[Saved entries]
(* If $\theta_0,\theta_1\in V_\Lambda\setminus\mathcal W(\mathcal G)$ lie in the same path component of $V_\Lambda\setminus\mathcal W(\mathcal G)$, then $\mathcal P(\theta_0)=\mathcal P(\theta_1)$.
   Context: Let $\Lambda$ be a finite dimensional algebra over a field with $n$ isoclasses of simple modules, and $\mathrm{mod}\text-\Lambda$ the category of finitely generated right $\Lambda$-modules. Fix a torsion class $\mathcal G\subseteq\mathrm{mod}\text-\Lambda$ (closed under isomorphisms, extensions and quotients). For $B\in\mathcal G$, a subobject of $B$ is a submodule in $\mathcal G$; a subobject $A\subseteq B$ is strict if $A\cap B'\in\mathcal G$ for every subobject $B'$ of $B$; a strict quotient of $B$ is $B/A$ with $A$ a strict subobject. Let $V_\Lambda=\mathrm{Hom}_{\mathbb Z}(K_0\Lambda,\mathbb R)\cong\mathbb R^n$ (with its Euclidean topology); $\theta(M)$ denotes $\theta$ applied to the dimension vector of $M$. For $M\in\mathcal G$, the pseudo-wall $D_{\mathcal G}(M)$ is the set of $\theta\in V_\Lambda$ with $\theta(M)=0$ and $\theta(M')\le0$ for every strict subobject $M'$ of $M$. $\mathcal W(\theta)$ is the class of $X\in\mathcal G$ with $\theta\in D_{\mathcal G}(X)$, and $\mathcal W(\mathcal G)$ is the set of $\theta$ with $\mathcal W(\theta)\ne\{0\}$, equivalently the union of the $D_{\mathcal G}(M)$ over nonzero $M\in\mathcal G$. $\mathcal P(\theta)$ is the class consisting of $0$ and all nonzero $M\in\mathcal G$ such that $\theta(M'')>0$ for every nonzero strict quotient $M''$ of $M$ (including $M''=M$). *)

From HB Require Import structures.
From mathcomp Require Import all_boot all_order all_algebra all_field.
From mathcomp Require Import mxrepresentation.
From mathcomp Require Import all_classical all_reals all_analysis.

Set Implicit Arguments.
Unset Strict Implicit.
Unset Printing Implicit Defensive.

Import Order.TTheory GRing.Theory Num.Theory.
Local Open Scope ring_scope.

(* A finitely generated right A-module is encoded concretely as the row
   space F^d together with the action map [ract : A -> 'M_d]:
   the action of a on a row vector v is v *m ract a. *)
Record rmod (F : fieldType) (A : falgType F) := RMod {
  rdim : nat;
  ract : A -> 'M[F]_rdim }.

Definition is_rmod (F : fieldType) (A : falgType F) (M : rmod A) : Prop :=
  [/\ (forall (k : F) (a b : A), ract M (k *: a + b) = k *: ract M a + ract M b),
      ract M 1 = 1%:M
    & (forall a b : A, ract M (a * b) = ract M a *m ract M b)].

Definition is_submod (F : fieldType) (A : falgType F) (M : rmod A)
    (U : 'M[F]_(rdim M)) : Prop :=
  forall a : A, (U *m ract M a <= U)%MS.

Definition subm (F : fieldType) (A : falgType F) (M : rmod A)
    (U : 'M[F]_(rdim M)) : rmod A :=
  @RMod F A (\rank U) (fun a => in_submod U (val_submod 1%:M *m ract M a)).

Definition quotm (F : fieldType) (A : falgType F) (M : rmod A)
    (U : 'M[F]_(rdim M)) : rmod A :=
  @RMod F A (\rank (cokermx U))
    (fun a => in_factmod U (val_factmod 1%:M *m ract M a)).

Definition rmod_iso (F : fieldType) (A : falgType F) (M N : rmod A) : Prop :=
  rdim M = rdim N /\
  exists P : 'M[F]_(rdim M, rdim N),
    \rank P = rdim M /\ forall a : A, ract M a *m P = P *m ract N a.

Definition torsion_class (F : fieldType) (A : falgType F) (G : rmod A -> Prop)
  : Prop :=
  [/\ (forall M N : rmod A, is_rmod M -> is_rmod N -> rmod_iso M N ->
         G M -> G N),
      (forall (M : rmod A) (U : 'M[F]_(rdim M)), is_rmod M -> is_submod U ->
         G M -> G (quotm U))
    & (forall (M : rmod A) (U : 'M[F]_(rdim M)), is_rmod M -> is_submod U ->
         G (subm U) -> G (quotm U) -> G M)].

Definition subobj (F : fieldType) (A : falgType F) (G : rmod A -> Prop)
    (B : rmod A) (U : 'M[F]_(rdim B)) : Prop :=
  is_submod U /\ G (subm U).

Definition strict_subobj (F : fieldType) (A : falgType F) (G : rmod A -> Prop)
    (B : rmod A) (U : 'M[F]_(rdim B)) : Prop :=
  subobj G U /\
  forall V : 'M[F]_(rdim B), subobj G V -> G (subm (U :&: V)%MS).

(* V_Lambda = Hom_Z(K_0 Lambda, R): the additive functions on mod-Lambda,
   i.e. iso-invariant functions additive on short exact sequences
   0 -> U -> M -> M/U -> 0. theta(M) is then theta of the class [M]. *)
Definition in_V (F : fieldType) (A : falgType F) (R : realType)
    (theta : rmod A -> R) : Prop :=
  (forall M N : rmod A, is_rmod M -> is_rmod N -> rmod_iso M N ->
     theta M = theta N) /\
  (forall (M : rmod A) (U : 'M[F]_(rdim M)), is_rmod M -> is_submod U ->
     theta M = theta (subm U) + theta (quotm U)).

Definition in_pseudo_wall (F : fieldType) (A : falgType F) (R : realType)
    (G : rmod A -> Prop) (M : rmod A) (theta : rmod A -> R) : Prop :=
  theta M = 0 /\
  forall U : 'M[F]_(rdim M), strict_subobj G U -> theta (subm U) <= 0.

Definition in_W (F : fieldType) (A : falgType F) (R : realType)
    (G : rmod A -> Prop) (theta : rmod A -> R) : Prop :=
  exists M : rmod A,
    [/\ is_rmod M, G M, (0 < rdim M)%N & in_pseudo_wall G M theta].

Definition in_P (F : fieldType) (A : falgType F) (R : realType)
    (G : rmod A -> Prop) (theta : rmod A -> R) (M : rmod A) : Prop :=
  is_rmod M /\
  (rdim M = 0%N \/
   (G M /\
    forall U : 'M[F]_(rdim M), strict_subobj G U ->
      (0 < rdim (quotm U))%N -> 0 < theta (quotm U))).

From HB Require Import structures.
From mathcomp Require Import all_boot all_order all_algebra all_field.
From mathcomp Require Import mxrepresentation.
From mathcomp Require Import all_classical all_reals all_analysis.
From mathcomp Require Import zify.

(* Follow a module N of G along the path.  A strict quotient of a strict
   quotient of N is again a strict quotient of N: if U is strict in N and W is
   strict in N/U, the preimage V of W is strict, since for every subobject V'
   the module V :&: V' is an extension of W :&: (image of V' in N/U) by
   U :&: V' (second and third isomorphism theorems and the modular law).
   So, by induction on the dimension, every strict quotient N/U with U <> 0
   stays positive along the whole path, and positivity can only be lost at
   U = 0, where N/U is N itself.  At a zero c of t |-> gamma t N (intermediate
   value theorem), gamma c N = 0 and gamma c U = - gamma c (N/U) <= 0 for every
   strict subobject U, i.e. gamma c lies on the pseudo-wall of N, which the
   path avoids. *)

Import Order.TTheory GRing.Theory Num.Theory numFieldNormedType.Exports.
Set Implicit Arguments.
Unset Strict Implicit.
Unset Printing Implicit Defensive.
Local Open Scope ring_scope.
Local Open Scope classical_set_scope.

Local Notation congmx B x y := (x - y <= B)%MS.
Local Notation vsub U := (@val_submod _ _ U _ 1%:M).
Local Notation vfact U := (@val_factmod _ _ U _ 1%:M).

Section RowSpaceCongruence.
Variables (F : fieldType) (m mb n : nat) (B : 'M[F]_(mb, n)).
Implicit Types x y z : 'M[F]_(m, n).

Lemma congmx_refl x : congmx B x x.
Proof. by rewrite subrr sub0mx. Qed.

Lemma congmx_sym x y : congmx B x y -> congmx B y x.
Proof. by rewrite -opprB eqmx_opp. Qed.

Lemma congmx_trans y x z : congmx B x y -> congmx B y z -> congmx B x z.
Proof. by move=> hxy hyz; rewrite -(subrKA y); apply: addmx_sub. Qed.

Lemma congmxD x y x' y' :
  congmx B x y -> congmx B x' y' -> congmx B (x + x') (y + y').
Proof. by move=> h h'; rewrite opprD addrACA; apply: addmx_sub. Qed.

Lemma congmxZ (k : F) x y : congmx B x y -> congmx B (k *: x) (k *: y).
Proof. by move=> h; rewrite -scalerBr; apply: scalemx_sub. Qed.

Lemma congmxMl p (C : 'M[F]_(p, m)) x y : congmx B x y -> congmx B (C *m x) (C *m y).
Proof. by move=> h; rewrite -mulmxBr; apply: mulmx_sub. Qed.

Lemma congmxMr p mb' (C : 'M[F]_(n, p)) (B' : 'M[F]_(mb', p)) x y :
  congmx B x y -> (B *m C <= B')%MS -> congmx B' (x *m C) (y *m C).
Proof. by move=> h hB; rewrite -mulmxBl; apply: submx_trans (submxMr _ h) hB. Qed.

End RowSpaceCongruence.

(* [embeds_mod N X B E]: B is an A-stable row space of N and E induces an
   injective module map from X into N / B.  Every module below is handled as
   a subquotient of a fixed N in this way. *)
Definition embeds_mod (F : fieldType) (A : falgType F) (N X : rmod A) mb
    (B : 'M[F]_(mb, rdim N)) (E : 'M[F]_(rdim X, rdim N)) :=
  [/\ forall a, (B *m ract N a <= B)%MS,
      forall m (z : 'M[F]_(m, rdim X)), (z *m E <= B)%MS -> z = 0
    & forall a, congmx B (ract X a *m E) (E *m ract N a)].
Arguments embeds_mod {F A} N X {mb} B E.

Section SubquotientEmbedding.
Variables (F : fieldType) (A : falgType F).
Implicit Types N X Y : rmod A.

Lemma embeds_mod_inj N X mb (B : 'M[F]_(mb, rdim N)) E m (x y : 'M[F]_(m, rdim X)) :
  embeds_mod N X B E -> congmx B (x *m E) (y *m E) -> x = y.
Proof. by case=> _ inj _ h; apply: subr0_eq; apply: inj; rewrite mulmxBl. Qed.

Lemma embeds_mod_id N : embeds_mod N N (0 : 'M[F]_(rdim N)) 1%:M.
Proof.
split=> [a|m z|a]; first by rewrite mul0mx.
  by rewrite mulmx1 submx0 => /eqP.
by rewrite mulmx1 mul1mx congmx_refl.
Qed.

Lemma embeds_mod_rmod N X mb (B : 'M[F]_(mb, rdim N)) E :
  is_rmod N -> embeds_mod N X B E -> is_rmod X.
Proof.
move=> [linN unitN mulN] emb; have [stB _ intw] := emb.
split=> [k a b||a b]; apply: (embeds_mod_inj emb); apply: congmx_trans (intw _) _.
- rewrite linN mulmxDr -scalemxAr mulmxDl -scalemxAl.
  by apply: congmxD; [apply: congmxZ|]; apply/congmx_sym/intw.
- by rewrite unitN mulmx1 mul1mx congmx_refl.
- rewrite mulN !mulmxA; apply: (congmx_trans (y := ract X a *m E *m ract N b)).
    exact: congmxMr (congmx_sym (intw a)) (stB b).
  by rewrite -!mulmxA; apply/congmxMl/congmx_sym/intw.
Qed.

Lemma embeds_mod_subm N X mb (B : 'M[F]_(mb, rdim N)) E (W : 'M[F]_(rdim X)) :
  embeds_mod N X B E -> is_submod W -> embeds_mod N (subm W) B (vsub W *m E).
Proof.
case=> stB inj intw hW; split=> // [m z|a /=].
  by rewrite mulmxA -val_submodE => /inj /eqP; rewrite val_submod_eq0 => /eqP.
rewrite mulmxA -val_submodE in_submodK; last first.
  exact: submx_trans (submxMr _ (val_submodP _)) (hW a).
by rewrite -!(mulmxA (vsub W)); apply/congmxMl/intw.
Qed.

Lemma embeds_mod_quotm N X mb (B : 'M[F]_(mb, rdim N)) E (W : 'M[F]_(rdim X)) :
  embeds_mod N X B E -> is_submod W ->
  embeds_mod N (quotm W) (B + W *m E)%MS (vfact W *m E).
Proof.
case=> stB inj intw hW; split=> [a|m z|a /=].
- rewrite addsmxMr addsmx_sub (submx_trans (stB a) (addsmxSl _ _)) /=.
  rewrite -(subrK (W *m ract X a *m E) (W *m E *m ract N a)).
  apply: addmx_sub; last by apply: submx_trans (addsmxSr _ _); apply: submxMr.
  apply: submx_trans (addsmxSl _ _).
  by rewrite -!mulmxA; apply/congmxMl/congmx_sym/intw.
- case/sub_addsmxP=> -[u1 u2] /= hz.
  have zW : z *m vfact W = u2 *m W.
    apply: subr0_eq; apply: inj.
    by rewrite mulmxBl -(mulmxA z) hz -(mulmxA u2) addrK submxMl.
  rewrite -[z](val_factmodK (U := W)); apply/eqP.
  by rewrite in_factmod_eq0 val_factmodE zW submxMl.
- rewrite mulmxA -val_factmodE.
  set y := vfact W *m ract X a.
  have -> : val_factmod (in_factmod W y) = y - val_submod (in_submod W y).
    by rewrite -{2}(add_sub_fact_mod W y) addrC addKr.
  rewrite mulmxBl addrAC; apply: addmx_sub.
    apply: submx_trans (addsmxSl _ _).
    by rewrite /y -!(mulmxA (vfact W)); apply/congmxMl/intw.
  rewrite eqmx_opp; apply: submx_trans (addsmxSr _ _).
  exact/submxMr/val_submodP.
Qed.

Lemma embeds_mod_widen N X mb (B : 'M[F]_(mb, rdim N)) E mb' (B' : 'M[F]_(mb', rdim N)) :
  embeds_mod N X B E -> (B <= B')%MS -> (forall a, B' *m ract N a <= B')%MS ->
  ((E + B)%MS :&: B' <= B)%MS -> embeds_mod N X B' E.
Proof.
case=> _ inj intw sBB' stB' capB; split=> // [m z zB'|a].
  apply: inj; apply: submx_trans capB.
  by rewrite sub_capmx zB' andbT; apply: submx_trans (addsmxSl _ _); apply: submxMl.
exact: submx_trans (intw a) sBB'.
Qed.

Lemma embeds_mod_eqmx N X mb (B : 'M[F]_(mb, rdim N)) E mb' (B' : 'M[F]_(mb', rdim N)) :
  embeds_mod N X B E -> (B :=: B')%MS -> embeds_mod N X B' E.
Proof.
move=> emb eqB; have [stB _ _] := emb.
apply: (embeds_mod_widen emb); rewrite -?eqB //.
  by move=> a; rewrite -(eqmxMr _ eqB) -eqB stB.
by apply: submx_trans (capmxSr _ _) _; rewrite eqB.
Qed.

*Activity*:
If a line of the data contains "path", copy it out.

*Final answer*:
(* If $\theta_0,\theta_1\in V_\Lambda\setminus\mathcal W(\mathcal G)$ lie in the same path component of $V_\Lambda\setminus\mathcal W(\mathcal G)$, then $\mathcal P(\theta_0)=\mathcal P(\theta_1)$.
(* Follow a module N of G along the path.  A strict quotient of a strict
   stays positive along the whole path, and positivity can only be lost at
   path avoids. *)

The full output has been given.